Figure 5. Discovering Jurassic age dinosaur eggshell fragments right on the surface of the Morrison Formation is incredibly exciting because these delicate, ancient remnants offer a rare, tangible link to the reproductive lives of the prehistoric reptiles that once roamed this landscape. It's a thrill to realize that just by walking across these rocks, you're picking up direct evidence of where a dinosaur mother may have nested over 150 million years ago. Photo date 2023 by S. W. Veatch.

Collecting these rare Jurassic dinosaur eggshells marked a highlight of my summer’s fieldwork. The dinosaur eggshells unlocked a story of multiple nesting seasons and preservation, all providing invaluable data on a globally scarce fossil resource. The resulting story provides a tangible connection to life 150 million years ago, a whisper from the past made loud by patient, detailed science.

 

Figure 6. Nodular patterns or ornamentation, as seen in this image, is primarily hypothesized to have served in functions like shell strengthening, and may have also been related to respiratory gas exchange through specialized pore arrangements. Photo date 2023 by S. W. Veatch.


Acknowledgments:

            Some of the information presented in this report was gained from a number of field trips undertaken by the author to the Garden Park Fossil Area and from former Dinosaur Depot personnel Donna Engard, curator, and Phil Wilder, program coordinator. The author is grateful to Bob Carnein for his thoughtful suggestions and insightful review of an earlier version of this manuscript, which led to significant improvements. Special thanks are also due to Sawyer Blizard for creating the accompanying map and for sharing valuable time on-site examining and discussing Jurassic age dinosaur eggshells.

References and further reading:

Alf, K, 1998. Preliminary study of an eggshell site in the Morrison Formation of Colorado: Modern Geology, Vol. 23, Part 2., pp 241-248.

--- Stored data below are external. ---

(* Let $K$ be a skew field with center $P$ and an involution, $\mathcal C$ a linear category over $P$ with involution, and $S_0$ a set of objects containing exactly one object from each pair $\{u,u^*\}$. If a representation $A$ of $\mathcal C$ over $K$ is isomorphic to a selfadjoint representation, then there exist a selfadjoint representation $B$ and an isomorphism $h:A\to B$ such that $B_v=A_v$ and $h_v=1$ for all $v\in S_0$.
   Context: $K$ has an involution $a\mapsto\bar a$. Linear category over $P$: $P$-vector-space Hom sets, bilinear composition; involution on it: $u\mapsto u^*$, $(\alpha:u\to v)\mapsto(\alpha^*:v^*\to u^* )$, $u^{**}=u\ne u^*$, $\alpha^{**}=\alpha$, $(\alpha\beta)^*=\beta^*\alpha^*$, $(\alpha a)^*=\alpha^*\bar a$. Representations: functors to finite-dimensional right $K$-spaces, finite total dimension, preserving $P$-linear combinations; morphisms: natural transformations. $V^*$: semilinear forms ($\varphi(xa)=\bar a\varphi(x)$), $A^*\varphi=\varphi A$, $V^{**}=V$. Adjoint representation: $A^\circ_u=(A_{u^*})^*$, $A^\circ_\alpha=(A_{\alpha^*})^*$; selfadjoint means $A=A^\circ$. *)

From HB Require Import structures.
From mathcomp Require Import all_boot all_order all_algebra.
From Stdlib Require List.
Set Implicit Arguments. Unset Strict Implicit. Unset Printing Implicit Defensive.
Import GRing.Theory.
Local Open Scope ring_scope.

Record lincat (P : fieldType) := LinCat {
  obj : Type;
  hom : obj -> obj -> lmodType P;
  idm : forall u, hom u u;
  comp : forall u v w, hom v w -> hom u v -> hom u w;
  ostar : obj -> obj;
  hstar : forall u v, hom u v -> hom (ostar v) (ostar u) }.

Arguments obj {P} _.
Arguments hom {P} _ _ _.
Arguments idm {P} _ _.
Arguments comp {P _ _ _ _}.
Arguments ostar {P} _ _.
Arguments hstar {P _ _ _}.

Definition hcast (P : fieldType) (C : lincat P) (u u' v v' : obj C)
  (eu : u = u') (ev : v = v') (a : hom C u v) : hom C u' v' :=
  match eu in _ = u1, ev in _ = v1 return hom C u1 v1 with
  | erefl, erefl => a end.

(* Axioms: linear category over P (bilinear associative unital composition)
   with an involution; conjP is the involution of K restricted to P. *)
Definition is_lincat_inv (P : fieldType) (conjP : P -> P) (C : lincat P)
  (starK : forall u, ostar C (ostar C u) = u) : Prop :=
  [/\ (forall u v w x (a : hom C w x) (b : hom C v w) (c : hom C u v),
          comp a (comp b c) = comp (comp a b) c),
      (forall u v (a : hom C u v), comp (idm C v) a = a /\ comp a (idm C u) = a),
      (forall u v w (a a' : hom C v w) (b b' : hom C u v) (p : P),
          [/\ comp (a + a') b = comp a b + comp a' b,
              comp a (b + b') = comp a b + comp a b',
              comp (p *: a) b = p *: comp a b &
              comp a (p *: b) = p *: comp a b]),
      (forall u, ostar C u <> u) &
      (forall u v w (a a' : hom C u v) (b : hom C w u) (p : P),
          [/\ hstar (a + a') = hstar a + hstar a',
              hstar (p *: a) = conjP p *: hstar a,
              hstar (comp a b) = comp (hstar b) (hstar a) &
              hcast (starK u) (starK v) (hstar (hstar a)) = a])].

(* Representations over K, in coordinates: the space at u is the right
   K-space K^(rdim u) (column vectors), a K-linear map is a matrix acting
   on the left. *)
Record rep (K : nzRingType) (P : fieldType) (C : lincat P) := Rep {
  rdim : obj C -> nat;
  rmap : forall u v, hom C u v -> 'M[K]_(rdim v, rdim u) }.

Arguments rmap {K P C} _ {_ _}.

Definition is_rep (K : nzRingType) (P : fieldType) (C : lincat P)
  (iota : P -> K) (A : rep K C) : Prop :=
  [/\ (exists s : seq (obj C), forall u, (0 < rdim A u)%N -> List.In u s),
      (forall u, rmap A (idm C u) = 1%:M),
      (forall u v w (a : hom C v w) (b : hom C u v),
          rmap A (comp a b) = rmap A a *m rmap A b),
      (forall u v (a b : hom C u v), rmap A (a + b) = rmap A a + rmap A b) &
      (forall u v (p : P) (a : hom C u v), rmap A (p *: a) = iota p *: rmap A a)].

Definition is_rep_mor (K : nzRingType) (P : fieldType) (C : lincat P)
  (A B : rep K C) (f : forall u, 'M[K]_(rdim B u, rdim A u)) : Prop :=
  forall u v (a : hom C u v), f v *m rmap A a = rmap B a *m f u.

Definition is_rep_iso (K : nzRingType) (P : fieldType) (C : lincat P)
  (A B : rep K C) (f : forall u, 'M[K]_(rdim B u, rdim A u)) : Prop :=
  is_rep_mor f /\
  forall u, exists g : 'M[K]_(rdim A u, rdim B u), g *m f u = 1%:M /\ f u *m g = 1%:M.

(* Dual map of A, namely phi |-> phi A, in coordinates: identifying the space of
   semilinear forms on K^n with K^n via c |-> (x |-> sum_i conj(x_i) c_i),
   the dual of the matrix M is its conjugate transpose. *)
Definition conjT (K : nzRingType) (conj : K -> K) m n (M : 'M[K]_(m, n))
  : 'M[K]_(n, m) := \matrix_(i, j) conj (M j i).

Definition adjoint (K : nzRingType) (P : fieldType) (C : lincat P)
  (conj : K -> K) (A : rep K C) : rep K C :=
  @Rep K P C (fun u => rdim A (ostar C u))
    (fun u v a => conjT conj (rmap A (hstar a))).

From Pilot Require Import Defs.
From HB Require Import structures.
From mathcomp Require Import all_boot all_order all_algebra.
From Stdlib Require Import FunctionalExtensionality ClassicalEpsilon.
Set Implicit Arguments. Unset Strict Implicit. Unset Printing Implicit Defensive.
Import GRing.Theory.
Local Open Scope ring_scope.

(* Let f : A -> A' be the given isomorphism onto a selfadjoint A', with
   inverse g.  Transporting A' along any family of invertible matrices k_u
   gives a representation isomorphic to A', and it is again selfadjoint as soon
   as k_{u*} is the adjoint of k_u^-1.  Take k_v = g_v for v in S0 and
   k_{v*} = f_v^°, the adjoint of f_v = g_v^-1: as S0 contains exactly one
   object of each pair {v, v*}, this choice is consistent, and on S0 the
   isomorphism k f = g f is the identity. *)

(* Matrices of different (propositionally equal) sizes are compared through
   their entries extended by 0 to nat x nat; this avoids all dimension casts. *)
Section MatrixFunctions.
Variable K : nzRingType.

Definition mxfun m n (M : 'M[K]_(m, n)) (i j : nat) : K :=
  if insub i is Some i' then if insub j is Some j' then M i' j' else 0 else 0.

Definition mulf (p : nat) (F G : nat -> nat -> K) (i j : nat) : K :=
  \sum_(l < p) F i l * G l j.

Definition idf (m : nat) (i j : nat) : K := ((i == j) && (i < m)%N)%:R.

Lemma fun2_ext (F G : nat -> nat -> K) : F =2 G -> F = G.
Proof. by move=> eFG; do 2 apply: functional_extensionality => ?; rewrite eFG. Qed.

Lemma mxfunE m n (M : 'M[K]_(m, n)) (i : 'I_m) (j : 'I_n) : mxfun M i j = M i j.
Proof. by rewrite /mxfun !valK. Qed.

Lemma mxfun_out m n (M : 'M[K]_(m, n)) i j :
  ~~ ((i < m) && (j < n))%N -> mxfun M i j = 0.
Proof.
rewrite /mxfun negb_and => /orP[hi | hj]; first by rewrite insubN.
by case: insub => // ?; rewrite insubN.
Qed.

Lemma mxfun_inj m n : injective (@mxfun m n).
Proof. by move=> M N eMN; apply/matrixP => i j; rewrite -!mxfunE eMN. Qed.

Lemma mxfun_charact m n (M : 'M[K]_(m, n)) (F : nat -> nat -> K) :
  (forall (i : 'I_m) (j : 'I_n), M i j = F i j) ->
  (forall i j, ~~ ((i < m) && (j < n))%N -> F i j = 0) -> mxfun M = F.
Proof.
move=> Min Fout; apply: fun2_ext => i j.
case: (boolP ((i < m) && (j < n))%N) => [/andP[hi hj] | hout].
  by rewrite (mxfunE M (Ordinal hi) (Ordinal hj)) Min.
by rewrite mxfun_out // Fout.
Qed.

Lemma mxfun_castmx m n m' n' (e : (m = m') * (n = n')) (M : 'M[K]_(m, n)) :
  mxfun (castmx e M) = mxfun M.
Proof. by case: e => em en; case: m' / em; case: n' / en; rewrite castmx_id. Qed.

Lemma mxfun_mul m p n (M : 'M[K]_(m, p)) (N : 'M[K]_(p, n)) :
  mxfun (M *m N) = mulf p (mxfun M) (mxfun N).
Proof.
apply: mxfun_charact => [i j | i j]; rewrite /mulf.
  by rewrite mxE; apply: eq_bigr => l _; rewrite !mxfunE.
rewrite negb_and => /orP[hi | hj]; apply: big1 => l _.
  by rewrite mxfun_out ?mul0r // negb_and hi.
by rewrite (mxfun_out N) ?mulr0 // negb_and hj orbT.
Qed.

Lemma mxfun1 m : mxfun (1%:M : 'M[K]_m) = idf m.
Proof.
apply: mxfun_charact => [i j | i j]; first by rewrite mxE /idf ltn_ord andbT.
rewrite /idf negb_and; case: eqP => [-> | _] //=.
by rewrite orbb => /negbTE ->.
Qed.

End MatrixFunctions.

Section AntiInvolution.
Variables (K : nzRingType) (conj : K -> K).
Hypothesis conjD : forall x y : K, conj (x + y) = conj x + conj y.
Hypothesis conjM : forall x y : K, conj (x * y) = conj y * conj x.
Hypothesis conjK : involutive conj.

Lemma conj0 : conj 0 = 0.
Proof. by apply: (addrI (conj 0)); rewrite -conjD !addr0. Qed.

Boggs, S., Jr., & Krinsley, D. H. 2006. Application of cathodoluminescence imaging to the study of sedimentary rocks. Cambridge University Press.

Carpenter, K., pers. comm.: Department of Earth Sciences, Denver Museum of Natural History, March 17, 1999, (telephone interview).

Götze, J., Plötze, M., & Habermann, D., 2001. Origin, spectral characteristics and practical applications of the cathodoluminescence (CL) of quartz — a review. Mineralogy and Petrology, 71(3-4), 225–250.

Götze, J. 2012. Application of cathodoluminescence microscopy and spectroscopy in geosciences. Microscopy and Microanalysis, 18(6), 1270–1284. 

Hirsch, K.F., 1994. Eggshells from the Western Interior of North America.  In Carpenter, K., K.F. Hirsch, and J.R. Horner, eds, 1994, Dinosaur Eggs and Babies:  New York:  Cambridge University Press, pp. 137 – 150.

Marshall, D. J., 1988. Cathodoluminescence of geological materials. Unwin Hyman.

Pagel, M., Barbin, V., Blanc, P., & Ohnenstatter, D. (Eds.). 2000. Cathodoluminescence in geosciences. Springer-Verlag.